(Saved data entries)

Lemma aci_v_unit (v0 : 'cV[R]_n) : sqnorm v0 = 1 -> 0 < rad2 v0 0 ->
  forall k, sqnorm (aci_v A v0 k) = 1 /\ 0 < rad2 (aci_v A v0 k) 0.
Proof. by move=> h1 h2; elim=> [//|k [IH1 IH2]]; exact: aci_step_unit. Qed.

End AciStep.

Lemma geometric_decay (R : numDomainType) (u : nat -> R) (r : R) k0 : 0 <= r ->
  (forall k, (k0 <= k)%N -> u k.+1 <= r * u k) -> forall i, u (k0 + i)%N <= r ^+ i * u k0.
Proof.
move=> r0 hu; elim=> [|i IH]; first by rewrite addn0 expr0 mul1r.
by rewrite addnS exprS -mulrA; apply: le_trans (hu _ (leq_addr _ _)) (ler_wpM2l r0 IH).
Qed.

Lemma increasing_ge_first (R : numDomainType) (f : nat -> R) m :
  (forall j, (1 <= j < m)%N -> f j < f j.+1) -> forall j, (1 <= j <= m)%N -> f 1 <= f j.
Proof.
move=> hf; elim=> [//|[//|j] IH hj].
by apply: le_trans (IH _) (ltW (hf _ _)); lia.
Qed.

Lemma blockrot0 (R : realType) b (c s : nat -> R) : blockrot 0 b c s = 1%:M.
Proof.
apply/matrixP => i j; rewrite !mxE.
by rewrite (_ : (i < 2 * 0)%N = false) //; case: (i == j).
Qed.

Lemma grade_id_le1 (R : realType) n (v : 'cV[R]_n) : (grade 1%:M v <= 1)%N.
Proof.
rewrite /grade; case: ex_minnP => d _; apply; apply/asboolP.
exists ('X - 1%:P); split; [exact: monicXsubC | exact: size_XsubC |].
rewrite /poly_mx_app size_XsubC big_ord_recr big_ord1 /= !coefB !coefX !coefC /=.
by rewrite expr1 expr0 !mul1mx sub0r subr0 scaleN1r scale1r addNr.
Qed.

Theorem lemma4p7 (R : realType) (m : nat) (b : bool) (c s : nat -> R)
  (v0 : 'cV[R]_(2 * m + b)) (k0 : nat) (rho : R) :
  (forall j, (1 <= j <= m)%N -> c j ^+ 2 + s j ^+ 2 = 1) ->
  (forall j, (1 <= j <= m)%N -> s j != 0) ->
  0 < c 1 ->
  (forall j, (1 <= j < m)%N -> c j < c j.+1) ->
  enorm v0 = 1 ->
  (2 <= grade (blockrot m b c s) v0)%N ->
  blk v0 1 != 0 ->
  0 < rho < 1 ->
  (forall k, (k0 <= k)%N ->
     (forall j, (2 <= j <= m)%N ->
        enorm (blk (aci_v (blockrot m b c s) v0 k.+1) j)
          <= rho * enorm (blk (aci_v (blockrot m b c s) v0 k) j)) /\
     (b -> `|coordn (aci_v (blockrot m b c s) v0 k.+1) (2 * m)|
            <= rho * `|coordn (aci_v (blockrot m b c s) v0 k) (2 * m)|)) ->
  forall k, (k0 <= k)%N ->
    enorm (blk (aci_v (blockrot m b c s) v0 k.+1) 1 - blk (aci_v (blockrot m b c s) v0 k) 1)
      <= rho ^+ (k - k0).
Proof.
move=> Hcs Hs hc1 Hc ev0 hgrade bv0 /andP[/ltW rho0 _] Hdecay k hk.
(* For m = 0 the matrix is the identity, which the grade hypothesis excludes. *)
have hm : (0 < m)%N.
  rewrite lt0n; apply/negP => /eqP m0; subst m.
  by move: hgrade; rewrite blockrot0 leqNgt ltnS grade_id_le1.
have hs1 := Hs 1 ltac:(lia); have hc_min := increasing_ge_first Hc.
have hv0 : sqnorm v0 = 1.
  by rewrite -[sqnorm v0]sqr_sqrtr ?sqnorm_ge0 // -enorm_sqnorm ev0 expr1n.
have [hk1 hk2] := aci_v_unit Hcs hs1 hc_min hm hv0 (rad2_gt0 bv0) k.
have [h01 _] := aci_v_unit Hcs hs1 hc_min hm hv0 (rad2_gt0 bv0) k0.
have outer_decay := geometric_decay (u := fun k => outer_sqnorm (aci_v (blockrot m b c s) v0 k))
  (sqr_ge0 rho) (fun k hk => outer_sqnorm_contract rho0 (Hdecay k hk).1 (Hdecay k hk).2).
rewrite -ler_sqr ?nnegrE ?enorm_ge0 ?exprn_ge0 //.
apply: le_trans (aci_step_first_block_increment Hcs hs1 hc_min hc1 hm hk1 hk2) _.
have := outer_decay (k - k0)%N; rewrite subnKC //= => hdecay; apply: le_trans hdecay _.
by rewrite -exprM mulnC exprM ler_piMr ?exprn_ge0 // -h01 outer_sqnorm_le.
Qed.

▶ [WORK REQUEST]: Copy only this part of the entries above: the line with "0 < rho < 1 ->", the line with "move=> Hcs Hs", and the lines between, all exactly as written.

▶ [SOLVED PROBLEM]:
  0 < rho < 1 ->
  (forall k, (k0 <= k)%N ->
     (forall j, (2 <= j <= m)%N ->
        enorm (blk (aci_v (blockrot m b c s) v0 k.+1) j)
          <= rho * enorm (blk (aci_v (blockrot m b c s) v0 k) j)) /\
     (b -> `|coordn (aci_v (blockrot m b c s) v0 k.+1) (2 * m)|
            <= rho * `|coordn (aci_v (blockrot m b c s) v0 k) (2 * m)|)) ->
  forall k, (k0 <= k)%N ->
    enorm (blk (aci_v (blockrot m b c s) v0 k.+1) 1 - blk (aci_v (blockrot m b c s) v0 k) 1)
      <= rho ^+ (k - k0).
Proof.
move=> Hcs Hs hc1 Hc ev0 hgrade bv0 /andP[/ltW rho0 _] Hdecay k hk.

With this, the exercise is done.